#### Task data
Lemma count_QLC : exactly conn_eq (isQLC g) (length L).
Proof.
  apply exactly_of_parameters.
  - exact (nodupb_NoDup Peqb L Peqb_iff L_distinct).
  - intros n Hn; apply qlc_check_sound; rewrite forallb_forall in L_sound; auto.
  - intros [nab sigma] Hqlc; exact (QLC_parameters nab sigma Hqlc).
Qed.

Lemma count_flat_QLC : exactly conn_eq (isFlatQLC g) (length (filter flat_check L)).
Proof.
  apply exactly_of_parameters.
  - apply NoDup_filter; exact (nodupb_NoDup Peqb L Peqb_iff L_distinct).
  - intros n Hn; apply filter_In in Hn as [Hn Hflat]; split.
    + apply qlc_check_sound; rewrite forallb_forall in L_sound; auto.
    + apply flat_check_iff, Hflat.
  - intros [nab sigma] [Hqlc Hflat].
    destruct (QLC_parameters nab sigma Hqlc) as [n [Hn Heq]].
    exists n; split; [| exact Heq].
    apply filter_In; split; [exact Hn |]; apply (flat_parameters nab sigma n Heq), Hflat.
Qed.

Lemma nonflat_curvature (R1 R2 : V) :
  forallb (fun n => flat_check n ||
                    (Veqb (curvature (nabla_of (fst n) (snd n)) e1) R1 &&
                     Veqb (curvature (nabla_of (fst n) (snd n)) e2) R2)) L = true ->
  forall nab sigma, QLC g nab sigma -> ~ flat nab ->
  curvature nab e1 = R1 /\ curvature nab e2 = R2.
Proof.
  intros Hcurv nab sigma Hqlc Hnonflat.
  destruct (QLC_parameters nab sigma Hqlc) as [n [Hn Heq]].
  rewrite forallb_forall in Hcurv; specialize (Hcurv n Hn).
  apply orb_true_iff in Hcurv as [Hflat | Hcurv].
  - exfalso; apply Hnonflat, (flat_parameters nab sigma n Heq), Hflat.
  - apply andb_true_iff in Hcurv as [H1 H2]; apply Veqb_iff in H1, H2.
    destruct Heq as [Hnab _].
    rewrite !(curvature_ext _ _ Hnab); split; assumption.
Qed.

#### Your goal
Taking the line containing "Veqb (curvature (nabla_of (fst n) (snd n)) e2)" as the first, please return it and every line after it through the end of the entries, exactly and only those.

#### Solution for this problem
                     Veqb (curvature (nabla_of (fst n) (snd n)) e2) R2)) L = true ->
  forall nab sigma, QLC g nab sigma -> ~ flat nab ->
  curvature nab e1 = R1 /\ curvature nab e2 = R2.
Proof.
  intros Hcurv nab sigma Hqlc Hnonflat.
  destruct (QLC_parameters nab sigma Hqlc) as [n [Hn Heq]].
  rewrite forallb_forall in Hcurv; specialize (Hcurv n Hn).
  apply orb_true_iff in Hcurv as [Hflat | Hcurv].
  - exfalso; apply Hnonflat, (flat_parameters nab sigma n Heq), Hflat.
  - apply andb_true_iff in Hcurv as [H1 H2]; apply Veqb_iff in H1, H2.
    destruct Heq as [Hnab _].
    rewrite !(curvature_ext _ _ Hnab); split; assumption.
Qed.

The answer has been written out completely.